I stared at the cabinet in front of me and realized I was tired of feeling helpless. I wasn’t going to be helpless. Not anymore. I was taking control. I was going to figure things out, for myself, by myself. If I’d learned anything in the last few months, it was that I couldn’t live my life to make other people happy. So I was going to start there.

I needed to be true to myself.

By God, I was going to be true to myself!

But first, I needed to go pick up the bananas.

***

I used more
bananas in a week than most people ate in six months. Usually, I picked up the bananas Friday morning and Sunday afternoon. But on this Friday I didn’t make it to the Piggly Wiggly until near closing time.

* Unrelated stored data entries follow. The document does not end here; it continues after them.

Lemma sum_by_two_statistics (T : finType) (Y : {set T}) (a b : T -> nat) E I
    (F : nat -> nat -> algC) :
  (forall y, y \in Y -> (a y < E)%N) -> (forall y, y \in Y -> (b y < I)%N) ->
  \sum_(y in Y) F (a y) (b y)
  = \sum_(e < E) \sum_(i < I) F e i * #|[set y in Y | (b y == i) && (a y == e)]|%:R.
Proof.
move=> aY bY.
transitivity (\sum_(y in Y) \sum_(e < E) \sum_(i < I)
                (if (b y == i) && (a y == e) then F e i else 0)).
  apply: eq_bigr => y Yy.
  rewrite (bigD1 (Ordinal (aY y Yy))) //= [X in _ + X]big1 ?addr0; last first.
    move=> e ey; apply: big1 => i _.
    suff /negbTE -> : a y != e by rewrite andbF.
    by apply: contra ey => /eqP ye; apply/eqP/val_inj.
  rewrite (bigD1 (Ordinal (bY y Yy))) //= !eqxx big1 ?addr0 // => i iy.
  suff /negbTE -> : b y != i by [].
  by apply: contra iy => /eqP yi; apply/eqP/val_inj.
rewrite exchange_big; apply: eq_bigr => e _; rewrite exchange_big; apply: eq_bigr => i _.
rewrite -big_mkcondr /= (eq_bigl (mem [set y in Y | (b y == i) && (a y == e)])).
  by rewrite sumr_const mulr_natr.
by move=> y; rewrite !inE.
Qed.

Lemma natr_card_set_sum (T : finType) (Y : {set T}) (P : pred T) :
  (#|[set y in Y | P y]|%:R : algC) = \sum_(y in Y) (P y)%:R.
Proof.
rewrite -sumr_const (eq_bigl (fun y => (y \in Y) && P y)) => [|y]; last by rewrite inE.
by rewrite big_mkcondr; apply: eq_bigr => y _; case: (P y).
Qed.

Lemma card_delete_meet n (S A : {set 'I_n}) e :
  #|[set a in A | #|S :&: (A :\ a)| == e]|
  = ((#|S :&: A| == e.+1) * e.+1 + (#|S :&: A| == e) * (#|A| - e))%N.
Proof.
set k := #|S :&: A|.
have cardD a : a \in A -> #|S :&: (A :\ a)| = (k - (a \in S))%N.
  move=> aA; have -> : S :&: (A :\ a) = (S :&: A) :\ a.
    by apply/setP => l; rewrite !inE; case: (l == a); case: (l \in S); case: (l \in A).
  by rewrite /k (cardsD1 a (S :&: A)) inE aA andbT; lia.
case: (eqVneq k e.+1) => [kE|kNe1].
  rewrite kE (gtn_eqF (ltnSn e)) mul1n mul0n addn0 -kE /k; apply: eq_card => a; rewrite !inE.
  case aA: (a \in A); rewrite ?andbF ?andbT //= cardD // kE.
  by case: (a \in S) => /=; [rewrite subn1 /= eqxx | rewrite subn0 (gtn_eqF (ltnSn e))].
case: (eqVneq k e) => [kE|kNe]; last first.
  rewrite mul0n add0n; apply/eqP; rewrite cards_eq0; apply/eqP/setP => a; rewrite !inE.
  case aA: (a \in A); rewrite ?andbF ?andbT //= cardD //.
  by case: (a \in S) => /=; apply/negbTE; move: kNe1 kNe; lia.
rewrite mul0n mul1n add0n.
have -> : (#|A| - e = #|A :\: S|)%N by rewrite -(cardsID S A) setIC -/k kE; lia.
apply: eq_card => a; rewrite !inE andbC.
case aA: (a \in A); rewrite ?andbF ?andbT //= cardD //.
case aS: (a \in S) => /=; last by rewrite subn0 kE eqxx.
have : (0 < k)%N by rewrite /k card_gt0; apply/set0Pn; exists a; rewrite inE aS aA.
by rewrite -kE; case: (k) => // k' _; rewrite subn1 /= (ltn_eqF (ltnSn k')).
Qed.

Lemma subsetEcardI n (S B : {set 'I_n}) : (S \subset B) = (#|B :&: S| == #|S|).
Proof.
apply/idP/eqP => [/setIidPr -> // | h].
by apply/setIidPr/eqP; rewrite eqEcard subsetIr h leqnn.
Qed.

Lemma alternating_binomial_rec (f : nat -> algC) d :
  (forall e, (e < d)%N -> e.+1%:R * f e.+1 + (d - e)%:R * f e = 0) ->
  forall e, (e <= d)%N -> f e = (-1) ^+ (d - e) * 'C(d, e)%:R * f d.
Proof.
move=> rec e le_ed; move: {2}(d - e)%N (erefl (d - e)%N) => k.
elim: k e le_ed => [|k IH] e le_ed dk.
  have -> : e = d by lia.
  by rewrite subnn binn expr0 !mul1r.
have lt_ed : (e < d)%N by lia.
have de_neq0 : (d - e)%:R != 0 :> algC by rewrite pnatr_eq0; lia.
apply: (mulfI de_neq0).
have -> : (d - e)%:R * f e = - (e.+1%:R * f e.+1).
  by apply/eqP; rewrite -subr_eq0 opprK addrC rec.
rewrite (IH e.+1 lt_ed); last by lia.
have binE : (e.+1%:R * 'C(d, e.+1)%:R = (d - e)%:R * 'C(d, e)%:R :> algC).
  by rewrite -!natrM mul_bin_left.
have -> : (d - e = (d - e.+1).+1)%N by lia.
transitivity (- ((-1) ^+ (d - e.+1) * (e.+1%:R * 'C(d, e.+1)%:R) * f d)); first by ring.
by rewrite binE -(subnSK lt_ed) exprS; ring.
Qed.

Lemma head_filter_iota_leq (P : pred nat) a n j : (a <= j)%N -> (j < a + n)%N -> P j ->
  (head (a + n) [seq i <- iota a n | P i] <= j)%N.
Proof.
elim: n a => [|n IH] a le_aj lt_j Pj /=; first by lia.
case: ifP => Pa //=.
have lt_aj : (a < j)%N by rewrite ltn_neqAle le_aj andbT; apply: contraFN Pa => /eqP ->.
by rewrite -addSnnS; apply: IH => //; lia.
Qed.

Lemma head_filter_iota_min (P : pred nat) a n j : (a <= j)%N ->
  (j < head (a + n) [seq i <- iota a n | P i])%N -> ~~ P j.
Proof.
elim: n a => [|n IH] a le_aj /=; first by rewrite addn0; lia.
case: ifP => Pa /= lt_j; first by lia.
case: (eqVneq a j) => [<-|aj]; first by rewrite Pa.
by apply: (IH a.+1); [rewrite ltn_neqAle aj | rewrite addSnnS].
Qed.

Lemma sum_ord_shift (G : nat -> algC) D d : (d + d <= D)%N ->
  (forall i, (i < d)%N -> G i = 0) -> (forall i, (D - d < i)%N -> G i = 0) ->
  \sum_(i < D.+1) G i = \sum_(i < (D - d - d).+1) G (d + i)%N.
Proof.
move=> le_dD G_low G_high.
rewrite -(big_mkord xpredT G) -(big_mkord xpredT (fun i => G (d + i)%N)).
rewrite (big_cat_nat _ (n := d)) //=; last by lia.
rewrite big_nat_cond big1 ?add0r; last by move=> i /andP [/andP [_ ?] _]; apply: G_low.
rewrite (big_cat_nat _ (n := (D - d).+1)) //=; try lia.
rewrite [X in _ + X]big_nat_cond [X in _ + X]big1 ?addr0; last first.
  by move=> i /andP [/andP [? _] _]; apply: G_high.
rewrite -[X in \sum_(X <= i < _) _](add0n d) big_addn.
have -> : ((D - d).+1 - d = (D - d - d).+1)%N by lia.
by apply: eq_bigr => i _; rewrite addnC.
Qed.

Lemma card_shift_leq (N D d : nat) (P Q : pred nat) :
  (d + N <= D)%N -> (forall j, (j <= N)%N -> P j -> Q (d + j)%N) ->
  (#|[set j : 'I_N.+1 | P j]| <= #|[set j : 'I_D.+1 | Q j]|)%N.
Proof.
move=> le_dND PQ; pose f (j : 'I_N.+1) : 'I_D.+1 := inord (d + j).
have f_lt (j : 'I_N.+1) : (d + j < D.+1)%N by have := ltn_ord j; lia.
rewrite -(card_in_imset (f := f)); last first.
  move=> a b _ _ /(congr1 val); rewrite /f /= !inordK // => ab; apply: val_inj => /=; lia.
apply: subset_leq_card; apply/subsetP => z /imsetP [j Pj ->].
by move: Pj; rewrite !inE /f inordK // => Pj; apply: PQ => //; rewrite -ltnS ltn_ord.
Qed.

Section HammingScheme.

Variables D q : nat.
Implicit Types (x y u w : word D q) (Y : {set word D q}).

Lemma hdist_le u w : (hdist u w <= D)%N.
Proof. by apply: leq_trans (max_card _) _; rewrite card_ord. Qed.

Lemma hwt_le u : (hwt u <= D)%N.
Proof. by apply: leq_trans (max_card _) _; rewrite card_ord. Qed.

Lemma hdist_wsupp x y : (forall i, val (x i) = 0%N) -> hdist x y = hwt y.
Proof.
move=> x0; apply: eq_card => l; rewrite !inE.
by rewrite -(inj_eq val_inj) x0 eq_sym.
Qed.

Lemma mxv_Eidem_chiv Y j u :
  mxv (@Eidem D q j) (chiv Y) u
  = (#|[set: word D q]|%:R)^-1 * \sum_(w in Y) kraw D q j (hdist u w).
Proof.
rewrite /mxv /Eidem /chiv mulr_sumr [RHS]big_mkcond /=; apply: eq_bigr => w _.
have d_lt : (hdist u w < D.+1)%N by rewrite ltnS hdist_le.
rewrite (bigD1 (Ordinal d_lt)) //= big1 ?addr0.
  by rewrite /assoc eqxx mulr1; case: (w \in Y); rewrite ?mulr1 ?mulr0.
move=> i iu; rewrite /assoc.
suff /negbTE -> : hdist u w != i by rewrite mulr0.
by apply: contra iu => /eqP ui; apply/eqP/val_inj.
Qed.

Lemma nonzeroPn (v : vec D q) : ~~ nonzero v -> forall u, v u = 0.
Proof. by rewrite negb_exists => /forallP v0 u; have := v0 u; rewrite negbK => /eqP. Qed.

Lemma sum_coord_weight_Eidem_eq0 Y j : (0 < q)%N ->
  ~~ nonzero (mxv (@Eidem D q j) (chiv Y)) ->
  forall C : {set 'I_D}, #|C| = j -> \sum_(y in Y) coord_weight q C (wsupp y) = 0.
Proof.
move=> q_gt0 Ej0 C cardC.
have : \sum_u mxv (@Eidem D q j) (chiv Y) u * coord_weight q C (wsupp u) = 0.
  by rewrite big1 // => u _; rewrite nonzeroPn // mul0r.
under eq_bigr => u _ do rewrite mxv_Eidem_chiv -mulrA mulr_suml.
rewrite -mulr_sumr exchange_big /=.
under eq_bigr => w _ do rewrite kraw_coord_weight_eigen // cardC eqxx.
rewrite -mulr_sumr cardsT card_ffun !card_ord natrX mulrA mulVf ?mul1r //.
by rewrite expf_eq0 pnatr_eq0 negb_and -lt0n q_gt0 orbT.
Qed.

Lemma Estar_chiv_nonzero x Y y : (forall i, val (x i) = 0%N) -> y \in Y ->
  nonzero (mxv (Estar (hwt y) x) (chiv Y)).
Proof.
move=> x0 Yy; apply/existsP; exists y.
rewrite /mxv /Estar (bigD1 y) //= eqxx hdist_wsupp // eqxx big1 ?addr0.
  by rewrite /chiv Yy mul1r oner_eq0.
by move=> w wy; rewrite eq_sym (negbTE wy) mul0r.
Qed.

Lemma delta_x_le_hwt x Y y : (forall i, val (x i) = 0%N) -> y \in Y -> (0 < hwt y)%N ->
  (delta_x x (chiv Y) <= hwt y)%N.
Proof.
move=> x0 Yy hwt_gt0; rewrite /delta_x -add1n; apply: head_filter_iota_leq => //.
  by rewrite add1n ltnS hwt_le.
exact: Estar_chiv_nonzero.
Qed.

Lemma delta_star_min Y j : (0 < j)%N -> (j < delta_star (chiv Y))%N ->
  ~~ nonzero (mxv (@Eidem D q j) (chiv Y)).
Proof.
move=> j_gt0; have := @head_filter_iota_min
  (fun j => nonzero (mxv (@Eidem D q j) (chiv Y))) 1 D j j_gt0.
by rewrite add1n.
Qed.

End HammingScheme.

Section WeightDistribution.

Variables (D q : nat) (Y : {set word D q}).

Definition wcount (A : {set 'I_D}) (e i : nat) : nat :=
  #|[set y in Y | (hwt y == i) && (#|wsupp y :&: A| == e)]|.

Definition superset_sum (A : {set 'I_D}) (j' : nat) : algC :=
  \sum_(C : {set 'I_D} | (A \subset C) && (#|C :\: A| == j'))
    \sum_(y in Y) coord_weight q C (wsupp y).

Lemma superset_sum_wcount (A : {set 'I_D}) j' :
  superset_sum A j' = \sum_(e < #|A|.+1) \sum_(i < D.+1)
     ((-1) ^+ e * (q - 1)%:R ^+ (#|A| - e) * kraw (D - #|A|) q j' (i - e)) * (wcount A e i)%:R.
Proof.
rewrite /superset_sum exchange_big /=.
under eq_bigr => y _ do rewrite sum_supersets_coord_weight coord_weightE.
have cardD y : #|wsupp y :\: A| = (hwt y - #|wsupp y :&: A|)%N.
  by rewrite /hwt -(cardsID A (wsupp y)); lia.
under eq_bigr => y _ do rewrite cardD.
rewrite (sum_by_two_statistics
   (fun e i => (-1) ^+ e * (q - 1)%:R ^+ (#|A| - e) * kraw (D - #|A|) q j' (i - e))
   (a := fun y => #|wsupp y :&: A|) (b := fun y => hwt y) (E := #|A|.+1) (I := D.+1)) //.
- by move=> y _; rewrite ltnS subset_leq_card // subsetIr.
- by move=> y _; rewrite ltnS hwt_le.
Qed.

Lemma superset_sum_eq0 (A : {set 'I_D}) j' :
  (forall C : {set 'I_D}, #|C| = (#|A| + j')%N ->
     \sum_(y in Y) coord_weight q C (wsupp y) = 0) ->
  superset_sum A j' = 0.
Proof.
move=> C0; rewrite /superset_sum big1 // => C /andP [AC /eqP cardCA]; apply: C0.
by rewrite -cardCA -(cardsID A C) (setIidPr AC).
Qed.

Lemma wcount_delete_sum (A : {set 'I_D}) e i :
  \sum_(a in A) (wcount (A :\ a) e i)%:R
  = e.+1%:R * (wcount A e.+1 i)%:R + (#|A| - e)%:R * (wcount A e i)%:R :> algC.
Proof.
rewrite /wcount; under eq_bigr => a _ do rewrite natr_card_set_sum.
rewrite exchange_big /= !natr_card_set_sum !mulr_sumr -big_split /=; apply: eq_bigr => y _.
case: (hwt y == i) => /=; last by rewrite big1 ?mulr0 ?addr0.
rewrite -(natr_card_set_sum A (fun a => #|wsupp y :&: (A :\ a)| == e)).
rewrite card_delete_meet natrD !natrM.
by case: (#|wsupp y :&: A| == e.+1); case: (#|wsupp y :&: A| == e) => /=; ring.
Qed.

Lemma wcount_lt A e i : (i < e)%N -> wcount A e i = 0%N.
Proof.
move=> lt_ie; apply/eqP; rewrite cards_eq0; apply/eqP/setP => y; rewrite !inE.
case: (y \in Y) => //=; apply/negbTE; rewrite negb_and.
case: (eqVneq (hwt y) i) => //= yi; apply/negP => /eqP yAe.
have : (#|wsupp y :&: A| <= hwt y)%N by rewrite subset_leq_card // subsetIl.
by rewrite yAe yi; lia.
Qed.

Lemma wcount_gt_card (A : {set 'I_D}) e i : (#|A| < e)%N -> wcount A e i = 0%N.
Proof.
move=> lt_Ae; apply/eqP; rewrite cards_eq0; apply/eqP/setP => y; rewrite !inE.
case: (y \in Y) => //=; apply/negbTE; rewrite negb_and; apply/orP; right.
have : (#|wsupp y :&: A| <= #|A|)%N by rewrite subset_leq_card // subsetIr.
by apply: contraTN => /eqP ->; lia.
Qed.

Between the three wedding cakes, other special orders for Saturday, and my mother’s visit—and my subsequent sob fiesta—I didn’t leave the bakery until 9:30 PM and the store closed at 10:00 PM.

I threw on a black sweater over my T-shirt because it was cold. The sweater was fitted, meant to be worn over the thin material of a dress, not the thicker cotton of a T-shirt. Therefore, it was a little tight around my chest.

Jeans, black sweater, and high heels—because that’s all I had with me—I quickly parked and rushed into the store. I was so singularly focused on making it to the produce department on time that I wasn’t watching where I was going. Coming out of the long grocery aisle, I collided with a solid wall of person and would have fallen on my backside if the wall hadn’t grabbed my arms to steady me.

“Oh, sorry. I wasn’t looking.” I glanced up, ready to dash past, but all thoughts of bananas fled my mind as my eyes connected with the stern visage of my older brother.

I gaped at him.

And he glared at me, some emotion I couldn’t quite read flaring behind his blue eyes.

“Isaac.” I breathed his name, my heart giving a painful leap just before falling to my feet.

“Jenn.” He hesitated, as though he wanted to say something more. But then his eyes dimmed and he released my arms. “Watch where you’re going.” Isaac glanced behind him.

He didn’t sound angry. He sounded carefully disinterested. And his apathy made my heart crack, a new kind of pain spreading through me like a shockwave.

“Hey, isn’t that your sister?”

I tore my eyes from my brother’s passive profile to the woman behind him. Tina Patterson, a stripper at the Pink Pony who worked with Hannah Townsend. But unlike Hannah, Tina was also a big fan of stirring up drama. It was well-known around town that she was frequently in the company of the Iron Wraiths.

To her left and right were two faces I didn’t recognize, but from the insignias on their leather jackets, they were also members of the motorcycle club.

“That’s your sister?” One of the men, a large, bald fella with the word
Drill
on his jacket, stepped forward and into my space. I backed away, but the man continued to advance.

I heard Tina laugh and the other man groan loudly, saying, “We don’t have time for this, Drill.”

“Just give me a minute, Catfish.” Drill placed his hand to my right on the aisle shelf, caging me in. “Hey, aren’t you the Banana Cake Queen?” His eyes moved down, then up my body.

“I’m . . . I’m Jennifer. Nice to meet you.” I stuck my hand out between us, unable to dissociate myself from ingrained good manners.

The one called Drill glanced at my hand and cracked a crooked and oddly charming smile as he slipped his palm against mine. “You are too fucking cute, Jennifer. I’d like to eat you up.”

“Oh, shit. No way.”

A new voice, one I recognized as Timothy King’s, called from down the aisle, drawing both Drill’s and my attention.

I sucked in a sharp breath and braced myself, because seeing Timothy forced my brain to move past the hurt of my brother’s indifference.

Incredibly aggressive, handsy, with a suspicious inability to hear the word “no
,

Timothy King was a looker. I’d never been alone with him, as I’d never had a cause to be. But he’d cornered me outside the community center one evening, placed his hands on my body, and tried to kiss me. I’d been afraid then, because it was dusk and there weren’t many people in the parking lot, and I was afraid now.